不遠處的運兵車中,應先生與軍官饒有興趣的看著這一幕。
「這就是野蠻愚昧的廢土人,我真搞不懂公司留著這些廢土人做什麼,按我的想法,就應該清除掉所有廢土人,這樣才能早日重現時代的文明。」軍官冷笑道。
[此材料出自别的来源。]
Lemma cos_le_quartic a : 0 <= a <= 1 -> cos a <= 1 - a ^ 2 / 2 + a ^ 4 / 24.
Proof.
  intros Ha. pose proof PI2_3_2. destruct (cos_bound a 0) as [_ Hub]; try lra.
  unfold cos_approx, cos_term in Hub; simpl in Hub.
  match type of Hub with _ <= ?X => replace X with (1 - a ^ 2 / 2 + a ^ 4 / 24) in Hub by field end.
  exact Hub.
Qed.

Lemma cos_ge_quadratic a : 0 <= a <= 1 -> 1 - a ^ 2 / 2 <= cos a.
Proof.
  intros Ha. pose proof PI2_3_2. destruct (cos_bound a 0) as [Hlb _]; try lra.
  unfold cos_approx, cos_term in Hlb; simpl in Hlb.
  match type of Hlb with ?X <= _ => replace X with (1 - a ^ 2 / 2) in Hlb by field end.
  exact Hlb.
Qed.

Lemma sin_ge_half_id a : 0 <= a <= 1 -> a / 2 <= sin a.
Proof. intros Ha. pose proof PI2_3_2. pose proof (sin_ge_cubic a ltac:(lra)). nra. Qed.

Lemma id_mul_cos_lt_sin a : 0 < a <= 1/2 -> a * cos a < sin a.
Proof.
  intros Ha. pose proof PI2_3_2.
  pose proof (sin_ge_cubic a ltac:(lra)). pose proof (cos_le_quartic a ltac:(lra)).
  assert (0 < a ^ 3 * (8 - a ^ 2) / 24).
  { apply Rmult_lt_0_compat; [apply Rmult_lt_0_compat; [apply pow_lt|]|]; nra. }
  nra.
Qed.

Lemma derivable_pt_lim_glue (f g h : R -> R) x l d : 0 < d ->
  (forall t, x - d < t <= x -> f t = g t) ->
  (forall t, x <= t < x + d -> f t = h t) ->
  derivable_pt_lim g x l -> derivable_pt_lim h x l -> derivable_pt_lim f x l.
Proof.
  intros Hd Hg Hh Dg Dh eps Heps.
  destruct (Dg eps Heps) as [dg Pg], (Dh eps Heps) as [dh Ph].
  assert (Hm : 0 < Rmin d (Rmin dg dh)).
  { destruct dg, dh; simpl. repeat apply Rmin_pos; auto. }
  exists (mkposreal _ Hm). simpl. intros k Hk Hkd.
  pose proof (Rmin_l d (Rmin dg dh)). pose proof (Rmin_r d (Rmin dg dh)).
  pose proof (Rmin_l dg dh). pose proof (Rmin_r dg dh).
  destruct (Rlt_le_dec k 0) as [Hneg|Hpos].
  - rewrite Rabs_left in Hkd by lra.
    rewrite (Hg (x + k)), (Hg x) by lra. apply Pg; auto. rewrite Rabs_left; lra.
  - rewrite Rabs_right in Hkd by lra.
    rewrite (Hh (x + k)), (Hh x) by lra. apply Ph; auto. rewrite Rabs_right; lra.
Qed.

Definition splice (c : R) (f g : R -> R) (t : R) : R :=
  if Rle_dec t c then f t else g t.

Lemma splice_left c f g t : t <= c -> splice c f g t = f t.
Proof. intros H. unfold splice. destruct (Rle_dec t c); [auto|lra]. Qed.

Lemma splice_right c f g t : c < t -> splice c f g t = g t.
Proof. intros H. unfold splice. destruct (Rle_dec t c); [lra|auto]. Qed.

Lemma is_derive_splice c (f g df dg : R -> R) :
  (forall x : R, is_derive f x (df x)) -> (forall x : R, is_derive g x (dg x)) ->
  f c = g c -> df c = dg c ->
  forall x : R, is_derive (splice c f g) x (splice c df dg x).
Proof.
  intros Df Dg Ec Edc x. apply is_derive_Reals.
  assert (Rf : forall y, derivable_pt_lim f y (df y)) by (intro; apply is_derive_Reals; auto).
  assert (Rg : forall y, derivable_pt_lim g y (dg y)) by (intro; apply is_derive_Reals; auto).
  destruct (Rtotal_order x c) as [Hx|[Hx|Hx]].
  - rewrite splice_left by lra.
    apply (derivable_pt_lim_glue _ f f x _ (c - x)); auto; try lra;
      intros t Ht; apply splice_left; lra.
  - subst x. rewrite splice_left by lra.
    apply (derivable_pt_lim_glue _ f g c _ 1); auto; try lra.
    + intros t Ht. apply splice_left; lra.
    + intros t Ht. destruct (Req_dec t c) as [->|Htc].
      * rewrite splice_left; lra.
      * apply splice_right; lra.
    + rewrite Edc; auto.
  - rewrite splice_right by lra.
    apply (derivable_pt_lim_glue _ g g x _ (x - c)); auto; try lra;
      intros t Ht; apply splice_right; lra.
Qed.

Lemma continuous_Rmax_comp (f g : R -> R) x :
  continuous f x -> continuous g x -> continuous (fun t => Rmax (f t) (g t)) x.
Proof.
  intros Hf Hg.
  apply (continuous_ext (fun t => (f t + g t + Rabs (f t - g t)) * / 2)).
  - intro t. cbv beta. unfold Rmax. destruct (Rle_dec (f t) (g t)).
    + rewrite Rabs_left1 by lra. lra.
    + rewrite Rabs_right by lra. lra.
  - apply (continuous_mult (fun t => f t + g t + Rabs (f t - g t)) (fun _ => / 2));
      [|apply continuous_const].
    apply (continuous_plus (fun t => f t + g t) (fun t => Rabs (f t - g t))).
    + apply (continuous_plus f g); auto.
    + apply continuous_Rabs_comp. apply (continuous_plus f (fun t => - g t)); auto.
      apply (continuous_opp g); auto.
Qed.

Lemma abs_sub_le_of_derive_bound (f df : R -> R) a b K : a <= b ->
  (forall x, a <= x <= b -> is_derive f x (df x)) ->
  (forall x, a <= x <= b -> Rabs (df x) <= K) ->
  Rabs (f b - f a) <= K * (b - a).
Proof.
  intros Hab Hd HK. destruct (Req_dec a b) as [->|Hne].
  { rewrite !Rminus_diag, Rabs_R0. lra. }
  destruct (MVT_gen f a b df) as [xi [Hxi Heq]].
  - intros x Hx. rewrite Rmin_left, Rmax_right in Hx by lra. apply Hd; lra.
  - intros x Hx. rewrite Rmin_left, Rmax_right in Hx by lra.
    apply continuity_pt_filterlim, (ex_derive_continuous f). eexists. apply Hd; lra.
  - rewrite Rmin_left, Rmax_right in Hxi by lra.
    rewrite Heq, Rabs_mult, (Rabs_right (b - a)) by lra.
    apply Rmult_le_compat_r; [lra|]. apply HK; lra.
Qed.

Lemma is_derive_reflect (f : R -> R) x l :
  is_derive f (1 - x) l -> is_derive (fun t => f (1 - t)) x (- l).
Proof.
  intros Hf. replace (- l) with (scal (-1) l) by (unfold scal; simpl; unfold mult; simpl; ring).
  apply (is_derive_comp f (fun t => 1 - t)); auto.
  auto_derive; auto.
Qed.

Lemma is_RInt_zero_inside (F : R -> R) a b : a <= b ->
  (forall x, a < x < b -> F x = 0) -> is_RInt F a b 0.
Proof.
  intros Hab HF. apply (is_RInt_ext (fun _ => 0)).
  - intros x Hx. rewrite Rmin_left, Rmax_right in Hx by lra. symmetry. auto.
  - pose proof (is_RInt_const a b (0 : R)) as H0.
    unfold scal in H0; simpl in H0; unfold mult in H0; simpl in H0.
    rewrite Rmult_0_r in H0. exact H0.
Qed.

Lemma rpow_0 g : rpow 0 g = 0.
Proof. unfold rpow. destruct (Req_EM_T 0 0); [auto|congruence]. Qed.

Lemma rpow_le_self v g : 1 <= g -> 0 <= v <= 1 -> 0 <= rpow v g <= v.
Proof.
  intros Hg Hv. unfold rpow, Rpower. destruct (Req_EM_T v 0) as [E|E]; [lra|].
  split; [left; apply exp_pos|].
  assert (ln v <= 0) by (rewrite <- ln_1; apply ln_le; lra).
  assert (Hexp : g * ln v <= ln v) by nra.
  rewrite <- (exp_ln v) at 2 by lra.
  destruct (Rle_lt_or_eq_dec _ _ Hexp) as [Hlt|Heq]; [left; apply exp_increasing; auto | rewrite Heq; lra].
Qed.

Lemma continuous_rpow_comp (f : R -> R) g t : 1 <= g -> (forall u, 0 <= f u) ->
  continuous f t -> continuous (fun u => rpow (f u) g) t.
Proof.
  intros Hg Hf Hc. destruct (Hf t) as [Hpos|Hzero].
  - apply (continuous_comp f (fun y => rpow y g)); auto.
    apply (continuous_ext_loc _ (fun y => exp (g * ln y))).
    + exists (mkposreal _ Hpos). intros y Hy. simpl in Hy.
      change (Rabs (y - f t) < f t) in Hy. apply Rabs_lt_between in Hy.
      unfold rpow. destruct (Req_EM_T y 0); [lra|reflexivity].
    + apply (ex_derive_continuous (V := R_NormedModule) (fun y => exp (g * ln y))).
      auto_derive. auto.
  - apply (proj2 (filterlim_locally _ _)). intros eps.
    assert (He : 0 < Rmin eps 1) by (apply Rmin_pos; [apply cond_pos|lra]).
    pose proof (Rmin_l eps 1). pose proof (Rmin_r eps 1).
    eapply filter_imp; [|exact (proj1 (filterlim_locally _ _) Hc (mkposreal _ He))].
    simpl. intros u Hu.
    change (Rabs (f u - f t) < Rmin eps 1) in Hu.
    change (Rabs (rpow (f u) g - rpow (f t) g) < eps).
    rewrite <- Hzero, rpow_0, Rminus_0_r in *. pose proof (Hf u).
    rewrite Rabs_right in Hu by lra. pose proof (rpow_le_self (f u) g Hg ltac:(lra)).
    rewrite Rabs_right; lra.
Qed.

Section Picone.

Variables (q Y dY z dz : R -> R) (lam m : R).
Hypothesis Y_pos : forall t, 0 < t < 1 -> 0 < Y t.
Hypothesis Y_solves : forall t, 0 < t < 1 ->
  is_derive Y t (dY t) /\ is_derive dY t (q t * Y t - lam * Y t).
Hypothesis z_solves : forall t, 0 < t < 1 ->
  is_derive z t (dz t) /\ is_derive dz t (q t * z t - m * z t).

Definition picone (t : R) : R := z t * dz t - z t ^ 2 * (dY t / Y t).

Lemma is_derive_picone t : 0 < t < 1 ->
  is_derive picone t ((dz t - z t * (dY t / Y t)) ^ 2 + (lam - m) * z t ^ 2).
Proof.
  intros Ht. destruct (z_solves t Ht) as [Dz Ddz], (Y_solves t Ht) as [DY DdY].
  apply is_derive_Reals in Dz, Ddz, DY, DdY.
  pose proof (Y_pos t Ht) as HY.
  assert (G := derivable_pt_lim_minus _ _ _ _ _ (derivable_pt_lim_mult _ _ _ _ _ Dz Ddz)
    (derivable_pt_lim_mult _ _ _ _ _ (derivable_pt_lim_mult _ _ _ _ _ Dz Dz)
      (derivable_pt_lim_div _ _ _ _ _ DdY DY (Rgt_not_eq _ _ HY)))).
  apply (is_derive_ext (z * dz - (z * z) * (dY / Y))%F).
  { intro u. change (z u * dz u - z u * z u * (dY u / Y u) = picone u). unfold picone. ring. }
  apply is_derive_Reals.
  match type of G with derivable_pt_lim _ _ ?L => replace (_ ^ 2 + _) with L end; [exact G|].
  unfold div_fct, mult_fct, Rsqr. field. lra.
Qed.

Lemma picone_nondecreasing s t : m <= lam -> 0 < s <= t -> t < 1 -> picone s <= picone t.
Proof.
  intros Hm Hs Ht. destruct (Req_dec s t) as [->|Hst]; [lra|].
  destruct (MVT_gen picone s t (fun u =>
    (dz u - z u * (dY u / Y u)) ^ 2 + (lam - m) * z u ^ 2)) as [xi [_ Heq]].
  - intros x Hx. rewrite Rmin_left, Rmax_right in Hx by lra. apply is_derive_picone; lra.
  - intros x Hx. rewrite Rmin_left, Rmax_right in Hx by lra.
    apply continuity_pt_filterlim, (ex_derive_continuous picone).
    eexists. apply is_derive_picone; lra.
  - assert (Hder : 0 <= (dz xi - z xi * (dY xi / Y xi)) ^ 2 + (lam - m) * z xi ^ 2).
    { pose proof (pow2_ge_0 (dz xi - z xi * (dY xi / Y xi))).
      pose proof (Rmult_le_pos (lam - m) _ ltac:(lra) (pow2_ge_0 (z xi))). lra. }
    pose proof (Rmult_le_pos _ (t - s) Hder ltac:(lra)). lra.
Qed.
應先生淡淡道:「垃圾也有垃圾的價值,公司的格局豈是你能想像的?」
「是是是,應先生說的是。」軍官連忙賠笑。
「報告長官,剛剛來了一名廢土人,說有重大訊息匯報。」一名士兵跑到車窗邊匯報導。
車內的軍官微微皺眉,不耐煩的揮手道:「讓他滾蛋,區區一個廢土人也敢說有重大訊息?他們在野外見到條異化鬣狗,都算天大的事了。」
士兵略帶猶豫道:「長官,那人說事關禁忌物.......」
軍官表情一頓,雙眸微眯起來,他冇有擅作主張,而是看了一眼一旁的應先生。
應先生冷峻的臉上浮現出一抹感興趣的神色,輕輕點頭。
「帶上來。」
很快,一名畏畏縮縮的廢土人在士兵的帶領下,走到車窗旁。